Summary: [Queens release] neutron-openvswitch high cpu usage
Product: [Community] RDO Reporter: Ivan Garcia <igarcia>
Component: openstack-neutronAssignee: Assaf Muller <amuller>
Status: CLOSED NEXTRELEASE QA Contact: Ofer Blaut <oblaut>
Severity: high Docs Contact:
Priority: unspecified    
Version: unspecifiedCC: chrisw, srevivo
Target Milestone: ---   
Target Release: trunk   
Hardware: x86_64   
OS: Linux   
Whiteboard:
Fixed In Version: Doc Type: If docs needed, set a value
Doc Text:
Story Points: ---
Clone Of: Environment:
Last Closed: 2018-04-26 18:28:39 UTC Type: Bug
Regression: --- Mount Type: ---
Documentation: --- CRM:
Verified Versions: Category: ---
oVirt Team: --- RHEL 7.3 requirements from Atomic Host:
Cloudforms Team: --- Target Upstream Version:
Embargoed:

Description Ivan Garcia 2018-04-25 14:26:55 UTC
Description of problem:

"We just ran into a case where the openvswitch agent (local dev destack, current master branch) eats 100% of CPU time.

Pyflame profiling show the time being largely spent in neutron.agent.linux.ip_conntrack, line 95.

https://github.com/openstack/neutron/blob/master/neutron/agent/linux/ip_conntrack.py#L95

The code around this line is:

        while True:
            pool.spawn_n(self._process_queue)

The documentation of eventlet.spawn_n says: "The same as spawn(), but it’s not possible to know how the function terminated (i.e. no return value or exceptions). This makes execution faster. See spawn_n for more details." I suspect that GreenPool.spawn_n may behave similarly.

It seems plausible that spawn_n is returning very quickly because of some error, and then all time is quickly spent in a short circuited while loop."

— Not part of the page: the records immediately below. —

Theorem lemma2p10 (R : realType) (P : set R) (hcount : countable P)
  (hdisc : discrete_set P) (v : R -> R[i]) (hv : l2 P v)
  (hcyc : cyclic_vec P v) :
  \bigcup_(t in [set: R]) spectrum P (domA P) (ApB P v t) =
  [set z : R[i] | exists2 r : R, z = (r%:C)%C & ~ P r].
Proof.
have v_neq0 l : P l -> v l != 0 := cyclic_vec_neq0 hcyc.
apply/seteqP; split => [z [t _ zt] | _ [r -> nPr]].
- have [z_real|z_nonreal] := eqVneq (complex.Im z) 0; last first.
    by case: (notin_spectrum_nonreal hv z_nonreal zt).
  have zE : z = ((complex.Re z)%:C)%C by apply: complexP.
  exists (complex.Re z) => // Pr; rewrite zE in zt.
  have [e e_gt0 r_sep] := discrete_separated hdisc Pr.
  exact: notin_spectrum_point hv Pr (v_neq0 _ Pr) e_gt0 r_sep zt.
- have [[d d_gt0 r_sep]|r_acc] :=
    pselect (exists2 d : R, 0 < d & forall l, P l -> l != r -> d <= `|l - r|).
    by have [t rt] := spectrum_separated hv nPr d_gt0 r_sep; exists t.
  exists 0 => //; apply: spectrum_accumulation => // rho rho_gt0.
  apply: contra_notP r_acc => no_l; exists rho => // l Pl _.
  by rewrite leNgt; apply/negP => lr; apply: no_l; exists l.
Qed.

https://bugs.launchpad.net/neutron/+bug/1750777

Version-Release number of selected component (if applicable):


How reproducible:

Always

Steps to Reproduce:
1. Deploy a RDO openstack cloud (queens)
2. execute the "top" command
3. neutron-openvswitch will use 100% of cpu time (compute and nodes)

Actual results:
neutron-openvswitch uses 100% cpu time



Expected results:

neutron-openvswitch does not use 100% cpu time

Additional info:

https://bugs.launchpad.net/neutron/+bug/1750777

Comment 1 Assaf Muller 2018-04-26 18:28:39 UTC
The fix is in upstream stable/queens as of April 5th:
https://review.openstack.org/#/c/554258/